→ **Exercise instructions**
From the top of the records below down to the line containing "have [l lL acl] := hL c (V_le leS Vc).", reproduce every line exactly.

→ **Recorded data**
· · ·
(* If the extensions of each of the finitely many classes at level r died out
   at some height, they would all die out above the largest of these heights. *)
Lemma konig_extend r (P : X -> Prop) :
  (forall s, r <= s -> exists c, V s c /\ P c) ->
  exists c, [/\ V r c, P c & forall s, r <= s -> extends_to r P c s].
Proof.
move=> hP; have [L hL] := V_finite r.
have [l [_ hl]] : exists l, List.In l L /\ forall s, r <= s -> extends_to r P l s.
  apply: NNPP => noext.
  have dies L' : (forall l, List.In l L' -> List.In l L) ->
      exists2 S, r <= S & forall l, List.In l L' -> ~ extends_to r P l S.
    elim: L' => [|a L' IH] subL; first by exists r.
    have [S leS diesS] := IH (fun l h => subL l (or_intror h)).
    have [Sa [leSa diesSa]] : exists s, r <= s /\ ~ extends_to r P a s.
      apply: NNPP => h; apply: noext; exists a; split; first exact: subL a (or_introl erefl).
      by move=> s les; apply: NNPP => h'; apply: h; exists s.
    exists (maxn S Sa); first exact: leq_trans leS (leq_maxl _ _).
    move=> l [<-|lL'] ext; first by apply: diesSa; apply: extends_to_le ext; apply: leq_maxr.
    by apply: (diesS l lL'); apply: extends_to_le ext; apply: leq_maxl.
  have [S leS diesS] := dies L (fun l h => h).
  have [c [Vc Pc]] := hP S leS.
  have [l lL acl] := hL c (V_le leS Vc).
  by apply: (diesS l lL); exists c; split=> //; apply: agree_sym.
have [c [Vc Pc alc]] := hl r (leqnn r).
exists c; split=> // s les; have [c' [Vc' Pc' alc']] := hl s les.
by exists c'; split=> //; apply: agree_trans (agree_sym alc) alc'.
Qed.

Definition extendable r c := V r c /\ forall s, r <= s -> exists c', V s c' /\ agree r c c'.

Lemma extendable_step r c : extendable r c -> exists c', extendable r.+1 c' /\ agree r c c'.
Proof.
case=> Vc ext.
have [c' [Vc' acc' ext']] := @konig_extend r.+1 (agree r c) (fun s les => ext s (ltnW les)).
exists c'; split=> //; split=> // s les.
by have [c'' [? _ ?]] := ext' s les; exists c''.
Qed.

Lemma konig : (forall r, exists c, V r c) ->
  exists cs : nat -> X, forall r, V r (cs r) /\ agree r (cs r) (cs r.+1).
Proof.
move=> Vne.
have [c0 [Vc0 _ ext0]] := @konig_extend 0 (fun _ => True)
  (fun s _ => let: ex_intro c Vc := Vne s in ex_intro _ c (conj Vc I)).
have start : {c | extendable 0 c}.
  apply: constructive_indefinite_description; exists c0; split=> // s les.
  by have [c [? _ ?]] := ext0 s les; exists c.
have step r (c : {c | extendable r c}) : {c' | extendable r.+1 c' /\ agree r (sval c) c'}.
  by apply: constructive_indefinite_description; apply: extendable_step (svalP c).
pose fix cs r : {c | extendable r c} :=
  if r is r'.+1 then let: exist c' (conj e _) := step r' (cs r') in exist _ c' e else start.
exists (fun r => sval (cs r)) => r; split; first by case: (cs r) => c [].
by rewrite /=; case: (step r (cs r)) => c' [].
Qed.
End Konig.

Lemma finite_restrictions (T : eqType) (Y : Type) (y0 : Y) (l : seq T)
    (cand : T -> list Y) :
  exists L : list (T -> Y), forall c : T -> Y,
    (forall g, g \in l -> List.In (c g) (cand g)) ->
    exists2 c', List.In c' L & forall g, g \in l -> c' g = c g.
Proof.
elim: l => [|a l [L' hL']].
  by exists [:: fun _ => y0] => c _; exists (fun _ => y0); first left.
exists (List.flat_map (fun v => List.map (fun f x => if x == a then v else f x) L') (cand a)).
move=> c hc; have [c' c'L' ec'] := hL' c (fun g gl => hc g (mem_behead (s := a :: l) gl)).
exists (fun x => if x == a then c a else c' x).
  apply/List.in_flat_map; exists (c a); split; first by apply: hc; rewrite mem_head.
  by apply/List.in_map_iff; exists c'.
by move=> g /predU1P[->|gl]; rewrite ?eqxx //; case: eqP => [->|_]; last exact: ec'.
Qed.

Section Group.
Variables (G : choiceType) (mul : G -> G -> G) (one : G) (inv : G -> G).
Hypothesis groupG : is_group mul one inv.

Lemma mulgA x y z : mul x (mul y z) = mul (mul x y) z.
Proof. by case: groupG. Qed.
Lemma mul1g x : mul one x = x.
Proof. by case: groupG => _ []. Qed.
Lemma mulg1 x : mul x one = x.
Proof. by case: groupG => _ [] _ []. Qed.
Lemma mulVg x : mul (inv x) x = one.
Proof. by case: groupG => _ [] _ [] _ []. Qed.
Lemma mulgV x : mul x (inv x) = one.
Proof. by case: groupG => _ [] _ [] _ []. Qed.
Lemma mulKg x y : mul (inv x) (mul x y) = y.
Proof. by rewrite mulgA mulVg mul1g. Qed.
Lemma mulKVg x y : mul x (mul (inv x) y) = y.
Proof. by rewrite mulgA mulgV mul1g. Qed.
Lemma mulgK x y : mul (mul y x) (inv x) = y.
Proof. by rewrite -mulgA mulgV mulg1. Qed.
Lemma mulg_inj x : injective (mul x).
Proof. by move=> y z e; rewrite -(mulKg x y) e mulKg. Qed.
Lemma invgK x : inv (inv x) = x.
Proof. by rewrite -(mulg1 (inv (inv x))) -(mulVg x) mulgA mulVg mul1g. Qed.
Lemma invg1 : inv one = one.
Proof. by rewrite -(mul1g (inv one)) mulgV. Qed.
Lemma invMg x y : inv (mul x y) = mul (inv y) (inv x).
Proof. by apply: (@mulg_inj (mul x y)); rewrite mulgV -mulgA (mulgA y) mulgV mul1g mulgV. Qed.

Definition bounded_partition n (K : {fset G}) (P : G -> {fset G}) :=
  [/\ forall g, g \in P g, forall g, #|` P g| = n,
      forall g g' x, x \in P g -> x \in P g' -> P g = P g' &
      forall g, {in P g &, forall x y, mul (inv x) y \in K}].

Section Partition.
Variables (n : nat) (K : {fset G}) (P : G -> {fset G}).
Hypothesis partP : bounded_partition n K P.

Let P_self g : g \in P g. Proof. by case: partP. Qed.
Let P_card g : #|` P g| = n. Proof. by case: partP. Qed.
Let P_eq g g' x : x \in P g -> x \in P g' -> P g = P g'.
Proof. by case: partP => _ _ eqP _; apply: eqP. Qed.
Let P_bounded g : {in P g &, forall x y, mul (inv x) y \in K}. Proof. by case: partP. Qed.

Definition center (Q : {fset G}) : G := if one \in Q then one else head one Q.

Lemma center_mem Q x : x \in Q -> center Q \in Q.
Proof.
rewrite /center; case: ifP => // _.
suff head_mem (s : seq G) : x \in s -> head one s \in s by apply: head_mem.
by case: s => // a s _; rewrite mem_head.
Qed.

Definition shape g := [fset mul (inv (center (P g))) x | x in P g].

Lemma P_center g : P (center (P g)) = P g.
Proof. exact: P_eq (P_self _) (center_mem (P_self g)). Qed.

Lemma shape_center g : shape (center (P g)) = shape g.
Proof. by rewrite /shape P_center. Qed.

Lemma shape1 g : one \in shape g.
Proof.
by apply/imfsetP; exists (center (P g)); [apply: center_mem (P_self g) | rewrite mulVg].
Qed.

Lemma shape_sub g : shape g `<=` K.
Proof. by apply/fsubsetP => _ /imfsetP[x xP ->]; apply: P_bounded (center_mem xP) xP. Qed.

Lemma card_shape g : #|` shape g| = n.
Proof. by rewrite card_imfset ?P_card //; apply: mulg_inj. Qed.

Lemma shape_at1 : shape one = P one.
Proof.
have c1 : center (P one) = one by rewrite /center P_self.
apply/fsetP => x; rewrite /shape c1 invg1.
by apply/imfsetP/idP => [[y yP ->]|xP]; [rewrite mul1g | exists x; rewrite ?mul1g].
Qed.

(* Only finitely many shapes occur, since they are subsets of K. *)
Lemma shape_enum : exists rest : seq {fset G},
  [/\ uniq (shape one :: rest), {in rest, forall S, exists g, shape g = S} &
      forall g, shape g \in shape one :: rest].
Proof.
pose is_shape S : bool :=
  if excluded_middle_informative (exists g, shape g = S) then true else false.
have is_shapeP S : is_shape S <-> exists g, shape g = S.
  by rewrite /is_shape; case: excluded_middle_informative.
exists [seq S <- fpowerset K | is_shape S & S != shape one]; split.
- by rewrite /= filter_uniq ?fset_uniq // mem_filter eqxx andbF.
- by move=> S; rewrite mem_filter => /andP[/andP[iS _] _]; apply: (is_shapeP S).1.
- move=> g; rewrite inE mem_filter; case: eqP => //= _.
  by rewrite fpowersetE shape_sub !andbT; apply/is_shapeP; exists g.
Qed.

Section Swap.
Variables a x y : G.
Hypotheses (xPa : x \in P a) (yPa : y \notin P a) (x_neq_a : x != a).

Local Notation A := (P a).
Local Notation B := (P y).
Local Notation A' := (y |` (A `\ x)).
Local Notation B' := (x |` (B `\ y)).

Definition swapped g := if g \in A' then A' else if g \in B' then B' else P g.

Let xB : x \notin B.
Proof. by apply: contra yPa => xB; rewrite (P_eq xPa xB) P_self. Qed.

Let y_neq_x : y != x.
Proof. by apply: contraNneq yPa => ->. Qed.

Let A'_sub : A' `<=` A `|` B.
Proof. by apply/fsubsetP => z /fset1UP[->|/fsetD1P[_ zA]]; rewrite inE ?P_self ?orbT ?zA. Qed.

Let B'_sub : B' `<=` A `|` B.
Proof. by apply/fsubsetP => z /fset1UP[->|/fsetD1P[_ zB]]; rewrite inE ?xPa ?zB ?orbT. Qed.

Let A'B'_disjoint z : z \in A' -> z \notin B'.
Proof.
case/fset1UP=> [->|/fsetD1P[zx zA]]; rewrite !inE negb_or ?eqxx ?andbF ?y_neq_x //=.
by rewrite zx /=; apply: contraNN yPa => /andP[_ zB]; rewrite (P_eq zA zB) P_self.
Qed.

Let other_piece g z : g \notin A' -> g \notin B' -> z \in P g -> z \notin A `|` B.
Proof.
move=> gA' gB' zPg; apply/negP => /fsetUP[zA|zB].
  have gA : g \in A by rewrite -(P_eq zPg zA) P_self.
  by move: gA' gB'; rewrite !inE gA andbT; case: (g =P x) => [->|]; rewrite ?eqxx ?orbT.
have gB : g \in B by rewrite -(P_eq zPg zB) P_self.
by move: gA' gB'; rewrite !inE gB andbT; case: (g =P y) => [->|]; rewrite ?eqxx ?orbT.
Qed.

Let card_A' : #|` A'| = n.
Proof. by rewrite cardfsU1 !inE (negbTE yPa) andbF /= -(P_card a) (cardfsD1 x A) xPa. Qed.

Let card_B' : #|` B'| = n.
Proof. by rewrite cardfsU1 !inE (negbTE xB) andbF /= -(P_card y) (cardfsD1 y B) P_self. Qed.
· · ·
→ **Result of the task**
(* If the extensions of each of the finitely many classes at level r died out
   at some height, they would all die out above the largest of these heights. *)
Lemma konig_extend r (P : X -> Prop) :
  (forall s, r <= s -> exists c, V s c /\ P c) ->
  exists c, [/\ V r c, P c & forall s, r <= s -> extends_to r P c s].
Proof.
move=> hP; have [L hL] := V_finite r.
have [l [_ hl]] : exists l, List.In l L /\ forall s, r <= s -> extends_to r P l s.
  apply: NNPP => noext.
  have dies L' : (forall l, List.In l L' -> List.In l L) ->
      exists2 S, r <= S & forall l, List.In l L' -> ~ extends_to r P l S.
    elim: L' => [|a L' IH] subL; first by exists r.
    have [S leS diesS] := IH (fun l h => subL l (or_intror h)).
    have [Sa [leSa diesSa]] : exists s, r <= s /\ ~ extends_to r P a s.
      apply: NNPP => h; apply: noext; exists a; split; first exact: subL a (or_introl erefl).
      by move=> s les; apply: NNPP => h'; apply: h; exists s.
    exists (maxn S Sa); first exact: leq_trans leS (leq_maxl _ _).
    move=> l [<-|lL'] ext; first by apply: diesSa; apply: extends_to_le ext; apply: leq_maxr.
    by apply: (diesS l lL'); apply: extends_to_le ext; apply: leq_maxl.
  have [S leS diesS] := dies L (fun l h => h).
  have [c [Vc Pc]] := hP S leS.
  have [l lL acl] := hL c (V_le leS Vc).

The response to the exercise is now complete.